[[ MATERIAL FOR THIS EXERCISE open ]]

(* Consider Algorithm SS-SQP (described in the context) under the standing assumptions (A1), (A2). There exists a constant $\kappa_l>0$ such that for all $k\in\mathbb{N}$, $$\Delta l(x_k,\bar\tau_k,\bar g_k,\bar d_k)\ge\kappa_l\bar\tau_k(\|\bar d_k\|^2+\|c_k\|).$$
   Context: Problem: $\min_{x\in\mathbb{R}^n}f(x)$ s.t. $c(x)=0$ with $f,c$ continuously differentiable, $c:\mathbb{R}^n\to\mathbb{R}^m$, $m\le n$; $c_k=c(x_k)$, $J_k=\nabla c(x_k)^T$; $\|\cdot\|$ Euclidean norm. $\Delta l(x,\tau,g,d)=-\tau g^Td+\|c(x)\|_1$. Standing assumption (A1): there is an open convex set $\mathcal{X}$ containing all iterates and trial iterates; $f$ bounded below, $\nabla f$ $L$-Lipschitz and bounded, $c$ bounded, each $\nabla c_i$ Lipschitz and bounded on $\mathcal{X}$; singular values of $\nabla c(x)^T$ bounded away from zero on $\mathcal{X}$. (A2): $H_k$ symmetric, chosen independently of $\bar g_k$, $\|H_k\|\le\kappa_H$, $u^TH_ku\ge\zeta\|u\|^2$ for $u\in\mathrm{Null}(J_k)$, $\kappa_H,\zeta>0$. Algorithm SS-SQP: inputs $x_0$, $\bar\tau_{-1}>0$, $\alpha_{\max}\in(0,1]$, $\alpha_0\in(0,\alpha_{\max}]$, $\epsilon_f\ge0$, $\gamma,\theta,\sigma,\epsilon_\tau\in(0,1)$. At iteration $k$: random gradient estimate $\bar g_k$; solve $\begin{bmatrix}H_k & J_k^T\\ J_k&0\end{bmatrix}\begin{bmatrix}\bar d_k\\ \bar y_k\end{bmatrix}=-\begin{bmatrix}\bar g_k\\ c_k\end{bmatrix}$; $\bar\tau_k^{\rm trial}=\infty$ if $\bar g_k^T\bar d_k+\max\{\bar d_k^TH_k\bar d_k,0\}\le0$, else $(1-\sigma)\|c_k\|_1/(\bar g_k^T\bar d_k+\max\{\bar d_k^TH_k\bar d_k,0\})$; $\bar\tau_k=\bar\tau_{k-1}$ if $\bar\tau_{k-1}\le\bar\tau_k^{\rm trial}$, else $\min\{(1-\epsilon_\tau)\bar\tau_{k-1},\bar\tau_k^{\rm trial}\}$; $x_k^+=x_k+\alpha_k\bar d_k$; with objective estimates $\bar f$ and $\bar\phi(x,\tau;\xi)=\tau\bar f(x;\xi)+\|c(x)\|_1$, set $x_{k+1}=x_k^+$, $\alpha_{k+1}=\min\{\alpha_{\max},\alpha_k/\gamma\}$ if $\bar\phi(x_k^+,\bar\tau_k;\xi_k^+)\le\bar\phi(x_k,\bar\tau_k;\xi_k^0)-\alpha_k\theta\Delta l(x_k,\bar\tau_k,\bar g_k,\bar d_k)+2\bar\tau_k\epsilon_f$, else $x_{k+1}=x_k$, $\alpha_{k+1}=\gamma\alpha_k$. *)

From mathcomp Require Import all_boot all_order all_algebra.
From mathcomp Require Import reals.
Set Implicit Arguments. Unset Strict Implicit. Unset Printing Implicit Defensive.
Import Order.TTheory GRing.Theory Num.Theory.
Local Open Scope ring_scope.

Section SSSQP.
Variable R : realType.

Definition dotv (n : nat) (u v : 'cV[R]_n) : R := \sum_(i < n) u i 0 * v i 0.
Definition enorm (n : nat) (v : 'cV[R]_n) : R := Num.sqrt (dotv v v).
Definition norm1 (n : nat) (v : 'cV[R]_n) : R := \sum_(i < n) `|v i 0|.

Definition has_gradient_at (n : nat) (f : 'cV[R]_n -> R) (g x : 'cV[R]_n) : Prop :=
  forall e : R, 0 < e -> exists2 d : R, 0 < d & forall y : 'cV[R]_n,
    enorm (y - x) < d -> `|f y - f x - dotv g (y - x)| <= e * enorm (y - x).

Definition cont_at (n p : nat) (F : 'cV[R]_n -> 'cV[R]_p) (x : 'cV[R]_n) : Prop :=
  forall e : R, 0 < e -> exists2 d : R, 0 < d & forall y : 'cV[R]_n,
    enorm (y - x) < d -> enorm (F y - F x) < e.

Definition C1_with_gradient (n : nat) (f : 'cV[R]_n -> R)
    (gradf : 'cV[R]_n -> 'cV[R]_n) : Prop :=
  forall x, has_gradient_at f (gradf x) x /\ cont_at gradf x.

Definition C1_with_jacobian (n m : nat) (c : 'cV[R]_n -> 'cV[R]_m)
    (J : 'cV[R]_n -> 'M[R]_(m, n)) : Prop :=
  forall i : 'I_m, C1_with_gradient (fun x => c x i 0) (fun x => (row i (J x))^T).

Definition open_set (n : nat) (X : 'cV[R]_n -> Prop) : Prop :=
  forall x, X x -> exists2 r : R, 0 < r & forall y, enorm (y - x) < r -> X y.

Definition convex_set (n : nat) (X : 'cV[R]_n -> Prop) : Prop :=
  forall x y (t : R), X x -> X y -> 0 <= t <= 1 -> X ((1 - t) *: x + t *: y).

Definition lipschitz_on (n p : nat) (X : 'cV[R]_n -> Prop)
    (F : 'cV[R]_n -> 'cV[R]_p) (L : R) : Prop :=
  forall x y, X x -> X y -> enorm (F x - F y) <= L * enorm (x - y).

Definition bounded_on (n p : nat) (X : 'cV[R]_n -> Prop) (F : 'cV[R]_n -> 'cV[R]_p) : Prop :=
  exists B : R, forall x, X x -> enorm (F x) <= B.

(* s is a singular value of A : 'M_(m,n) (with m <= n): s >= 0 and s^2 is an
   eigenvalue of A A^T (these are the m singular values of A) *)
Definition singular_value (m n : nat) (A : 'M[R]_(m, n)) (s : R) : Prop :=
  0 <= s /\ eigenvalue (A *m A^T) (s ^+ 2).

[[ MATERIAL FOR THIS EXERCISE closed ]]

→ WHAT THE TASK REQUIRES
An exact transcription of the data above is required.

→ ANSWER TO THIS PROBLEM
(* Consider Algorithm SS-SQP (described in the context) under the standing assumptions (A1), (A2). There exists a constant $\kappa_l>0$ such that for all $k\in\mathbb{N}$, $$\Delta l(x_k,\bar\tau_k,\bar g_k,\bar d_k)\ge\kappa_l\bar\tau_k(\|\bar d_k\|^2+\|c_k\|).$$
   Context: Problem: $\min_{x\in\mathbb{R}^n}f(x)$ s.t. $c(x)=0$ with $f,c$ continuously differentiable, $c:\mathbb{R}^n\to\mathbb{R}^m$, $m\le n$; $c_k=c(x_k)$, $J_k=\nabla c(x_k)^T$; $\|\cdot\|$ Euclidean norm. $\Delta l(x,\tau,g,d)=-\tau g^Td+\|c(x)\|_1$. Standing assumption (A1): there is an open convex set $\mathcal{X}$ containing all iterates and trial iterates; $f$ bounded below, $\nabla f$ $L$-Lipschitz and bounded, $c$ bounded, each $\nabla c_i$ Lipschitz and bounded on $\mathcal{X}$; singular values of $\nabla c(x)^T$ bounded away from zero on $\mathcal{X}$. (A2): $H_k$ symmetric, chosen independently of $\bar g_k$, $\|H_k\|\le\kappa_H$, $u^TH_ku\ge\zeta\|u\|^2$ for $u\in\mathrm{Null}(J_k)$, $\kappa_H,\zeta>0$. Algorithm SS-SQP: inputs $x_0$, $\bar\tau_{-1}>0$, $\alpha_{\max}\in(0,1]$, $\alpha_0\in(0,\alpha_{\max}]$, $\epsilon_f\ge0$, $\gamma,\theta,\sigma,\epsilon_\tau\in(0,1)$. At iteration $k$: random gradient estimate $\bar g_k$; solve $\begin{bmatrix}H_k & J_k^T\\ J_k&0\end{bmatrix}\begin{bmatrix}\bar d_k\\ \bar y_k\end{bmatrix}=-\begin{bmatrix}\bar g_k\\ c_k\end{bmatrix}$; $\bar\tau_k^{\rm trial}=\infty$ if $\bar g_k^T\bar d_k+\max\{\bar d_k^TH_k\bar d_k,0\}\le0$, else $(1-\sigma)\|c_k\|_1/(\bar g_k^T\bar d_k+\max\{\bar d_k^TH_k\bar d_k,0\})$; $\bar\tau_k=\bar\tau_{k-1}$ if $\bar\tau_{k-1}\le\bar\tau_k^{\rm trial}$, else $\min\{(1-\epsilon_\tau)\bar\tau_{k-1},\bar\tau_k^{\rm trial}\}$; $x_k^+=x_k+\alpha_k\bar d_k$; with objective estimates $\bar f$ and $\bar\phi(x,\tau;\xi)=\tau\bar f(x;\xi)+\|c(x)\|_1$, set $x_{k+1}=x_k^+$, $\alpha_{k+1}=\min\{\alpha_{\max},\alpha_k/\gamma\}$ if $\bar\phi(x_k^+,\bar\tau_k;\xi_k^+)\le\bar\phi(x_k,\bar\tau_k;\xi_k^0)-\alpha_k\theta\Delta l(x_k,\bar\tau_k,\bar g_k,\bar d_k)+2\bar\tau_k\epsilon_f$, else $x_{k+1}=x_k$, $\alpha_{k+1}=\gamma\alpha_k$. *)

From mathcomp Require Import all_boot all_order all_algebra.
From mathcomp Require Import reals.
Set Implicit Arguments. Unset Strict Implicit. Unset Printing Implicit Defensive.
Import Order.TTheory GRing.Theory Num.Theory.
Local Open Scope ring_scope.

Section SSSQP.
Variable R : realType.

Definition dotv (n : nat) (u v : 'cV[R]_n) : R := \sum_(i < n) u i 0 * v i 0.
Definition enorm (n : nat) (v : 'cV[R]_n) : R := Num.sqrt (dotv v v).
Definition norm1 (n : nat) (v : 'cV[R]_n) : R := \sum_(i < n) `|v i 0|.

Definition has_gradient_at (n : nat) (f : 'cV[R]_n -> R) (g x : 'cV[R]_n) : Prop :=
  forall e : R, 0 < e -> exists2 d : R, 0 < d & forall y : 'cV[R]_n,
    enorm (y - x) < d -> `|f y - f x - dotv g (y - x)| <= e * enorm (y - x).

Definition cont_at (n p : nat) (F : 'cV[R]_n -> 'cV[R]_p) (x : 'cV[R]_n) : Prop :=
  forall e : R, 0 < e -> exists2 d : R, 0 < d & forall y : 'cV[R]_n,
    enorm (y - x) < d -> enorm (F y - F x) < e.

Definition C1_with_gradient (n : nat) (f : 'cV[R]_n -> R)
    (gradf : 'cV[R]_n -> 'cV[R]_n) : Prop :=
  forall x, has_gradient_at f (gradf x) x /\ cont_at gradf x.

Definition C1_with_jacobian (n m : nat) (c : 'cV[R]_n -> 'cV[R]_m)
    (J : 'cV[R]_n -> 'M[R]_(m, n)) : Prop :=
  forall i : 'I_m, C1_with_gradient (fun x => c x i 0) (fun x => (row i (J x))^T).

Definition open_set (n : nat) (X : 'cV[R]_n -> Prop) : Prop :=
  forall x, X x -> exists2 r : R, 0 < r & forall y, enorm (y - x) < r -> X y.

Definition convex_set (n : nat) (X : 'cV[R]_n -> Prop) : Prop :=
  forall x y (t : R), X x -> X y -> 0 <= t <= 1 -> X ((1 - t) *: x + t *: y).

Definition lipschitz_on (n p : nat) (X : 'cV[R]_n -> Prop)
    (F : 'cV[R]_n -> 'cV[R]_p) (L : R) : Prop :=
  forall x y, X x -> X y -> enorm (F x - F y) <= L * enorm (x - y).

Definition bounded_on (n p : nat) (X : 'cV[R]_n -> Prop) (F : 'cV[R]_n -> 'cV[R]_p) : Prop :=
  exists B : R, forall x, X x -> enorm (F x) <= B.

(* s is a singular value of A : 'M_(m,n) (with m <= n): s >= 0 and s^2 is an
   eigenvalue of A A^T (these are the m singular values of A) *)
Definition singular_value (m n : nat) (A : 'M[R]_(m, n)) (s : R) : Prop :=
  0 <= s /\ eigenvalue (A *m A^T) (s ^+ 2).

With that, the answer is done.